Вдали от безумной толпы - Томас Гарди
Шрифт:
Интервал:
Закладка:
– О да, вреда в самом деле нет, – ответил Оук. Но иногда тот, кто высказывается от сердца, рискует проявить чрезмерное великодушие. Посему, взвесив обстоятельства, Габриэль прибавил: – Хотя я в этом не уверен.
– По совести говоря, я не успела подумать, хочу ли за вас выйти, прежде чем побежала. Вы ведь уже далеко ушли.
Оук вновь приободрился.
– Так извольте, мисс Эвердин. Подумайте минуту или две. Я подожду. Вы будете моей женою? Соглашайтесь, Батшеба. Моя любовь к вам очень велика!
– Что ж, попробую, – произнесла она довольно робко. – Но если я думаю на открытом воздухе, мои мысли разлетаются.
– И все же попытайтесь.
– Дайте мне время.
Батшеба отворотила лицо от Габриэля и устремила взор вдаль.

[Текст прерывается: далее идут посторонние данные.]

(* Suppose $0<\eta<\omega_1$ and $\mathcal{F}_1,\mathcal{F}_2,\dots$ are regular families containing all singletons with $CB(\mathcal{F}_j)<\omega^\eta$ for each $j$. Fix a sequence of positive numbers $(\varpi_n)_{n=1}^\infty$ converging to $0$. Let $Z_0$ be the completion of $c_{00}$ with respect to the norm $[x]_0=\sup\{\varpi_j\|Ex\|_{\ell_1}:j\in\mathbb{N},E\in\mathcal{F}_j\}$. Then the canonical basis of $Z_0$ is $\eta$-weakly null.
   Context: For $E\subset\mathbb{N}$ and $x=\sum a_ne_n\in c_{00}$, $Ex=\sum_{n\in E}a_ne_n$. A family $\mathcal{F}$ of finite subsets of $\mathbb{N}$ is regular if it is hereditary (closed under subsets), spreading (if $(m_i)_{i=1}^k\in\mathcal{F}$ in increasing order and $n_1<\dots<n_k$ with $m_i\leqslant n_i$, then $(n_i)_{i=1}^k\in\mathcal{F}$) and compact in $2^{\mathbb{N}}\cong\{0,1\}^{\mathbb{N}}$. $CB(\mathcal{F})$ is the Cantor–Bendixson index: $\mathcal{F}'$ removes maximal members, iterate transfinitely (intersections at limits), $CB(\mathcal{F})$ is the least $\xi$ with $\mathcal{F}^\xi=\varnothing$. Schreier families: $\mathcal{S}_0=\{\varnothing\}\cup\{\{n\}\}$; $\mathcal{S}=\{\varnothing\}\cup\{E:|E|\leqslant\min E\}$; $\mathcal{G}[\mathcal{F}]=\{\varnothing\}\cup\{\bigcup_{i=1}^nE_i:\varnothing\neq E_i\in\mathcal{F},\max E_i<\min E_{i+1},(\min E_i)\in\mathcal{G}\}$; $\mathcal{S}_{\xi+1}=\mathcal{S}[\mathcal{S}_\xi]$; for limit $\xi$, with fixed $\xi_n\uparrow\xi$, $\mathcal{S}_{\xi_n+1}\subset\mathcal{S}_{\xi_{n+1}}$, $\mathcal{S}_\xi=\{\varnothing\}\cup\{E\neq\varnothing:E\in\mathcal{S}_{\xi_{\min E}+1}\}$. For $\xi<\omega_1$, a bounded sequence $(x_n)$ is an $\ell_1^\xi+$-spreading model if $\inf\{\|x\|:F\in\mathcal{S}_\xi,x\in\mathrm{co}(x_n:n\in F)\}>0$; it is $\xi$-weakly null if no subsequence is an $\ell_1^\xi+$-spreading model. *)

From HB Require Import structures.
From mathcomp Require Import all_boot all_order all_algebra.
From mathcomp Require Import all_classical all_reals all_analysis.
Set Implicit Arguments. Unset Strict Implicit. Unset Printing Implicit Defensive.
Import Order.TTheory GRing.Theory Num.Theory.
Local Open Scope ring_scope.
Local Open Scope classical_set_scope.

– Я сделаю вас счастливой, – сказал Оук, глядя поверх куста на ее затылок. – Через год или два мы сможем купить фортепьяно – нынче у многих фермерских жен оно имеется. А я подучусь на флейте, чтобы играть с вами по вечерам.
– Да, было бы славно.
– А еще мы купим маленькую хорошенькую двуколку за десять фунтов для поездок на рынок, насадим цветов, заведем птиц: курочек и петухов – от них ведь в хозяйстве большая польза, – продолжал Габриэль, балансируя между поэзией и практицизмом.
– И это мне по нраву!
– А еще у нас будет парник для огурцов, как бывает у леди и джентльменов.
– Да!
– А когда мы поженимся, об этом напишут в газете!
– О, как чудесно!
– А потом о рождении наших детишек! А дома, у камина, лишь только вы подымете взгляд от огня – я тут как тут перед вами, а я подыму взгляд – передо мною вы.
– Довольно! Не говорите непристойностей!
Лицо Батшебы помрачнело, и несколько мгновений она молчала. Габриэль все смотрел на красные ягоды, разделявшие их, и в дальнейшем остролист прочно связался в его сознании с предложением руки и сердца. Наконец девушка повернулась к нему и решительно произнесла:
– Нет! Ничего путного из этого не выйдет. Я не хочу за вас замуж.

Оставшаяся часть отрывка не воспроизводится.